Dataset records
───
Lemma RInt_exact_integrand : @RInt C_R_CompleteNormedModule exact_integrand 0 1 = RtoC 0.
Proof.
  apply (RInt_closed_derivative (fun t => gam t / w p t)%C).
  - apply cont01_mult; [apply (cycle_gam_cont Hcyc)|apply (cont01_inv_w Hcyc); auto].
  - apply cont01_exact_integrand.
  - rewrite (cycle_gam_closed Hcyc), (cycle_w_closed Hcyc p Hp); reflexivity.
  - apply has_deriv_u_over_v.
Qed.

(** The integrand of [a_1 + ... + a_(2g+1)] is [-2 d(u / v)]. *)
Lemma cycle_residue_sum :
  (- cyc_int gam dgam w (fun _ => 1%C) p
   + Csum (idx g) (fun i => cyc_int gam dgam w (fun _ => 1%C) p
                             + p i * cyc_int gam dgam w (fun z => / (z - p i))%C p))%C = 0%C.
Proof.
  assert (H0 : cont01 (fun t => 1 * dgam t / w p t)%C)
    by (apply (cont01_period_integrand (fun _ => 1%C)), cont01_const).
  assert (Hi : forall i, In i (idx g) -> cont01 (fun t => / (gam t - p i) * dgam t / w p t)%C).
  { intros i Hi; apply (cont01_period_integrand (fun z => / (z - p i))%C).
    apply (cont01_inv_gam_sub Hcyc); auto; apply in_idx; auto. }
  assert (Hsum : forall i, In i (idx g) ->
            cont01 (fun t => 1 * dgam t / w p t + p i * (/ (gam t - p i) * dgam t / w p t))%C)
    by (intros i Hi'; apply cont01_plus, cont01_mult; auto; apply cont01_const).
  unfold cyc_int; cbv beta.
  rewrite (Csum_ext _ _ (fun i => @RInt C_R_CompleteNormedModule
     (fun t => 1 * dgam t / w p t + p i * (/ (gam t - p i) * dgam t / w p t))%C 0 1)).
  2:{ intros i Hi'; rewrite RInt_Cplus, RInt_Cmult; auto using ex_RInt01, ex_RInt_Cmult. }
  rewrite <- RInt_Csum by exact Hsum.
  replace (- @RInt C_R_CompleteNormedModule (fun t => 1 * dgam t / w p t) 0 1)%C
    with (-1 * @RInt C_R_CompleteNormedModule (fun t => 1 * dgam t / w p t) 0 1)%C by ring.
  rewrite <- RInt_Cmult by (apply ex_RInt01; auto).
  rewrite <- RInt_Cplus
    by (apply ex_RInt01;
        first [apply cont01_Csum; auto|apply cont01_mult; auto; apply cont01_const]).
  rewrite (RInt_ext_le _ (fun t => -2 * exact_integrand t)%C); [|lra|].
  - rewrite RInt_Cmult, RInt_exact_integrand; [ring|apply ex_RInt01, cont01_exact_integrand].
  - intros t Ht; assert (Wt : w p t <> 0%C) by (apply (cycle_w_neq_0 Hcyc); auto).
    rewrite (Csum_ext _ _ (fun i => dgam t / w p t * gam t * / (gam t - p i))%C).
    + unfold exact_integrand, log_deriv_sum; rewrite Csum_scal; field; auto.
    + intros i Hi'; field; split; auto.
      apply (cycle_gam_sub_neq_0 Hcyc); auto; apply in_idx; auto.
Qed.
End ExactForm.
(* Let $G$ be a finite group and $H$ a normal subgroup of $G$ with $|H|$ odd. Then $\Gamma_{G,H}$ admits a perfect code.
   Context: For a normal subgroup $H$ of a finite group $G$ with identity $e$, the subgroup sum graph $\Gamma_{G,H}$ is the simple undirected graph with vertex set $G$ in which distinct vertices $x,y$ are adjacent if and only if $xy\in H\setminus\{e\}$. A perfect code in a graph is a set $C$ of vertices that is independent and such that every vertex not in $C$ is adjacent to exactly one vertex of $C$. *)

From mathcomp Require Import all_boot all_fingroup.
Set Implicit Arguments. Unset Strict Implicit. Unset Printing Implicit Defensive.
Local Open Scope group_scope.

(* Subgroup sum graph Gamma_{G,H}: vertex set G; distinct x, y adjacent iff
   x * y \in H \ {1}.  G, H are groups inside an ambient finGroupType gT. *)
Definition ssg_adj (gT : finGroupType) (H : {set gT}) (x y : gT) : bool :=
  (x != y) && (x * y \in H^#).

Definition ssg_perfect_code (gT : finGroupType) (G H C : {set gT}) : Prop :=
  [/\ C \subset G,
      (forall x y, x \in C -> y \in C -> ~~ ssg_adj H x y) &
      (forall x, x \in G -> x \notin C ->
         #|[set c in C | ssg_adj H x c]| = 1)%N].

(* Call the set [H x ∪ H x^-1] the pair class of x.  When H is normal these
   sets partition G, and for x in G the neighbours of x are exactly the
   elements of [H x^-1 \ {x, x^-1}].  Choose a representative r of each pair
   class, an involution whenever the class contains one, and put r and r^-1
   into the code.  If r and r^-1 fall into the same coset then r^2 lies in H,
   and because |H| is odd the coset H r contains an involution, so r = r^-1;
   hence each coset of a pair class meets the code exactly once, which gives
   both independence and perfect domination. *)

From mathcomp Require Import all_boot all_fingroup.
Set Implicit Arguments. Unset Strict Implicit. Unset Printing Implicit Defensive.
Local Open Scope group_scope.

Section RcosetInvolution.
Variables (gT : finGroupType) (H : {group gT}).

Lemma rcoset_involution x :
  odd #|H| -> x ^+ 2 \in H -> exists2 d, d \in H :* x & d ^+ 2 = 1.
Proof.
move=> oddH x2H; pose o := #[x ^+ 2].
have odd_o : odd o by apply: dvdn_odd oddH; rewrite cardSg ?cycle_subG.
exists (x ^+ o); last by rewrite -expgM mulnC expgM expg_order.
rewrite mem_rcoset -(odd_double_half o) odd_o add1n expgSr mulgK -mul2n expgM.
exact: groupX.
Qed.

End RcosetInvolution.

Section ClassRepresentative.
Variable gT : finGroupType.

Definition class_rep (A : {set gT}) : gT :=
  if [pick d in A | d ^+ 2 == 1] is Some d then d else repr A.

Lemma class_rep_mem (A : {set gT}) x : x \in A -> class_rep A \in A.
Proof.
move=> Ax; rewrite /class_rep.
by case: pickP => [d /andP[] | _]; last exact: mem_repr Ax.
Qed.

Lemma class_rep_involution (A : {set gT}) x :
  x \in A -> x ^+ 2 = 1 -> class_rep A ^+ 2 = 1.
Proof.
move=> Ax x2; rewrite /class_rep; case: pickP => [d /andP[_ /eqP] // | noinv].
by have := noinv x; rewrite /= Ax x2 eqxx.
Qed.

End ClassRepresentative.

Section PairClasses.
Variables (gT : finGroupType) (H : {group gT}).

Lemma mem_mulgC x y : x \in 'N(H) -> (x * y \in H) = (y * x \in H).
Proof. by move=> nHx; rewrite -(memJ_norm (x * y) nHx) conjgE mulgA mulKg. Qed.

Lemma mem_mulg_rcosetV x y : x \in 'N(H) -> (x * y \in H) = (y \in H :* x^-1).
Proof. by move=> nHx; rewrite mem_rcoset invgK mem_mulgC. Qed.

Lemma mem_rcosetV x y : x \in 'N(H) -> (y^-1 \in H :* x) = (y \in H :* x^-1).
Proof. by move=> nHx; rewrite mem_rcoset -invMg groupV mem_mulg_rcosetV. Qed.

Definition pair_class x : {set gT} := H :* x :|: H :* x^-1.

Lemma pair_class_refl x : x \in pair_class x.
Proof. by rewrite inE rcoset_refl. Qed.

Lemma pair_class_rcosetV x c : c \in H :* x^-1 -> c \in pair_class x.
Proof. by rewrite inE orbC => ->. Qed.

Lemma pair_class_rcoset x y d :
  y \in pair_class x -> d \in H :* y -> d \in pair_class x.
Proof. by rewrite !inE => /orP[] yH dHy; rewrite (rcoset_trans dHy yH) ?orbT. Qed.

Lemma pair_class_eq x y :
  x \in 'N(H) -> y \in pair_class x -> pair_class y = pair_class x.
Proof.
move=> nHx; rewrite inE /pair_class => /orP[] yH.
  have yVH : y^-1 \in H :* x^-1 by rewrite -mem_rcosetV ?invgK.
  by rewrite (rcoset_eqP yH) (rcoset_eqP yVH).
have yVH : y^-1 \in H :* x by rewrite mem_rcosetV.
by rewrite setUC (rcoset_eqP yH) (rcoset_eqP yVH).
Qed.

Definition pair_rep x := class_rep (pair_class x).

Definition rep_pair x : {set gT} := [set pair_rep x; (pair_rep x)^-1].

Lemma pair_rep_mem x : pair_rep x \in pair_class x.
Proof. exact: class_rep_mem (pair_class_refl x). Qed.

Lemma rep_pair_eq x y :
  x \in 'N(H) -> y \in pair_class x -> rep_pair y = rep_pair x.
Proof. by move=> nHx /(pair_class_eq nHx) Exy; rewrite /rep_pair /pair_rep Exy. Qed.

Lemma rep_pairV x c : (c^-1 \in rep_pair x) = (c \in rep_pair x).
Proof. by rewrite !inE !eq_invg_sym invgK orbC. Qed.

Hypothesis oddH : odd #|H|.

Lemma pair_rep_sqr x : pair_rep x ^+ 2 \in H -> pair_rep x ^+ 2 = 1.
Proof.
case/(rcoset_involution oddH) => d dH d2.
exact: class_rep_involution (pair_class_rcoset (pair_rep_mem x) dH) d2.
Qed.

Lemma card_rep_pair_rcoset x y :
  x \in 'N(H) -> y \in pair_class x -> #|rep_pair x :&: H :* y| = 1%N.
Proof.
move=> nHx yx; set r := pair_rep x.
have {yx} : y \in pair_class r by rewrite (pair_class_eq nHx (pair_rep_mem x)).
have rV_sym : r^-1 \in H :* r -> r^-1 = r.
  rewrite mem_rcoset -invMg groupV -expg2 => /pair_rep_sqr r2.
  by apply/eqP; rewrite eq_invg_mul -expg2 r2.
rewrite inE => /orP[] yH; rewrite rcoset_sym in yH.
  rewrite (_ : _ :&: _ = [set r]) ?cards1 //; apply/setP=> c; rewrite !inE.
  apply/andP/eqP=> [[/orP[] /eqP-> // cHy] | ->]; last by rewrite eqxx.
  by apply: rV_sym; rewrite (rcoset_trans cHy) // rcoset_sym.
rewrite (_ : _ :&: _ = [set r^-1]) ?cards1 //; apply/setP=> c; rewrite !inE.
apply/andP/eqP=> [[/orP[] /eqP-> // cHy] | ->]; last by rewrite eqxx orbT.
by rewrite rV_sym // (rcoset_trans yH) // rcoset_sym.
Qed.

Variable G : {group gT}.
Hypothesis nsHG : H <| G.

Definition pair_code : {set gT} := [set c in G | c \in rep_pair c].

Lemma normG x : x \in G -> x \in 'N(H).
Proof. by move/(subsetP (normal_norm nsHG)). Qed.

Lemma mem_pair_code x c :
  x \in G -> c \in G -> c \in pair_class x ->
  (c \in pair_code) = (c \in rep_pair x).
Proof. by move=> xG cG cx; rewrite inE cG (rep_pair_eq (normG xG) cx). Qed.

Lemma pair_code_independent x y :
  x \in pair_code -> y \in pair_code -> ~~ ssg_adj H x y.
Proof.
rewrite inE => /andP[xG xC] yC.
apply/negP; rewrite /ssg_adj in_setD1 => /and3P[neq_xy xy1 xyH].
have yG : y \in G by case/setIdP: yC.
have yx : y \in pair_class x.
  by rewrite pair_class_rcosetV -?mem_mulg_rcosetV ?normG.
rewrite (mem_pair_code xG yG yx) !inE in yC; rewrite !inE in xC.
by case/orP: xC neq_xy xy1 => /eqP->; case/orP: yC => /eqP->;
  rewrite ?mulgV ?mulVg ?eqxx.
Qed.

Lemma pair_code_neighbours x :
  x \in G -> x \notin pair_code ->
  [set c in pair_code | ssg_adj H x c] = rep_pair x :&: H :* x^-1.
Proof.
move=> xG xC; have nHx := normG xG.
apply/setP=> c; rewrite in_setI inE /ssg_adj in_setD1 mem_mulg_rcosetV //.
case cHx: (c \in H :* x^-1); last by rewrite !andbF.
have cx := pair_class_rcosetV cHx.
have cG : c \in G.
  have cxH : c * x \in H by rewrite -(invgK x) -mem_rcoset.
  by rewrite -(mulgK x c) groupM ?groupV // (subsetP (normal_sub nsHG)).
rewrite -(mem_pair_code xG cG cx) andbT; case cC: (c \in pair_code) => //=.
apply/andP; split; first by apply: contraNneq xC => ->.
apply: contraNneq xC => xc1; rewrite (mem_pair_code xG xG (pair_class_refl x)).
have xE : x = c^-1 by rewrite -(mulgK c x) xc1 mul1g.
by rewrite {1}xE rep_pairV -(mem_pair_code xG cG cx).
Qed.

End PairClasses.

Theorem corollary3p2 (gT : finGroupType) (G H : {group gT}) :
  H <| G -> odd #|H| ->
  exists C : {set gT}, ssg_perfect_code G H C.
Proof.
move=> nsHG oddH; exists (pair_code H G); split.
- by apply/subsetP=> c /setIdP[].
- exact: pair_code_independent.
move=> x xG xC; rewrite pair_code_neighbours //.
exact: card_rep_pair_rcoset (normG nsHG xG)
  (pair_class_rcosetV (rcoset_refl _ _)).
Qed.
───
● **Instructions for the task**: Please reproduce exactly the lines from the first one of the records above through the line containing "i Hi'; rewrite", both included, and nothing else.

● **Problem solution**:
Lemma RInt_exact_integrand : @RInt C_R_CompleteNormedModule exact_integrand 0 1 = RtoC 0.
Proof.
  apply (RInt_closed_derivative (fun t => gam t / w p t)%C).
  - apply cont01_mult; [apply (cycle_gam_cont Hcyc)|apply (cont01_inv_w Hcyc); auto].
  - apply cont01_exact_integrand.
  - rewrite (cycle_gam_closed Hcyc), (cycle_w_closed Hcyc p Hp); reflexivity.
  - apply has_deriv_u_over_v.
Qed.

(** The integrand of [a_1 + ... + a_(2g+1)] is [-2 d(u / v)]. *)
Lemma cycle_residue_sum :
  (- cyc_int gam dgam w (fun _ => 1%C) p
   + Csum (idx g) (fun i => cyc_int gam dgam w (fun _ => 1%C) p
                             + p i * cyc_int gam dgam w (fun z => / (z - p i))%C p))%C = 0%C.
Proof.
  assert (H0 : cont01 (fun t => 1 * dgam t / w p t)%C)
    by (apply (cont01_period_integrand (fun _ => 1%C)), cont01_const).
  assert (Hi : forall i, In i (idx g) -> cont01 (fun t => / (gam t - p i) * dgam t / w p t)%C).
  { intros i Hi; apply (cont01_period_integrand (fun z => / (z - p i))%C).
    apply (cont01_inv_gam_sub Hcyc); auto; apply in_idx; auto. }
  assert (Hsum : forall i, In i (idx g) ->
            cont01 (fun t => 1 * dgam t / w p t + p i * (/ (gam t - p i) * dgam t / w p t))%C)
    by (intros i Hi'; apply cont01_plus, cont01_mult; auto; apply cont01_const).
  unfold cyc_int; cbv beta.
  rewrite (Csum_ext _ _ (fun i => @RInt C_R_CompleteNormedModule
     (fun t => 1 * dgam t / w p t + p i * (/ (gam t - p i) * dgam t / w p t))%C 0 1)).
  2:{ intros i Hi'; rewrite RInt_Cplus, RInt_Cmult; auto using ex_RInt01, ex_RInt_Cmult. }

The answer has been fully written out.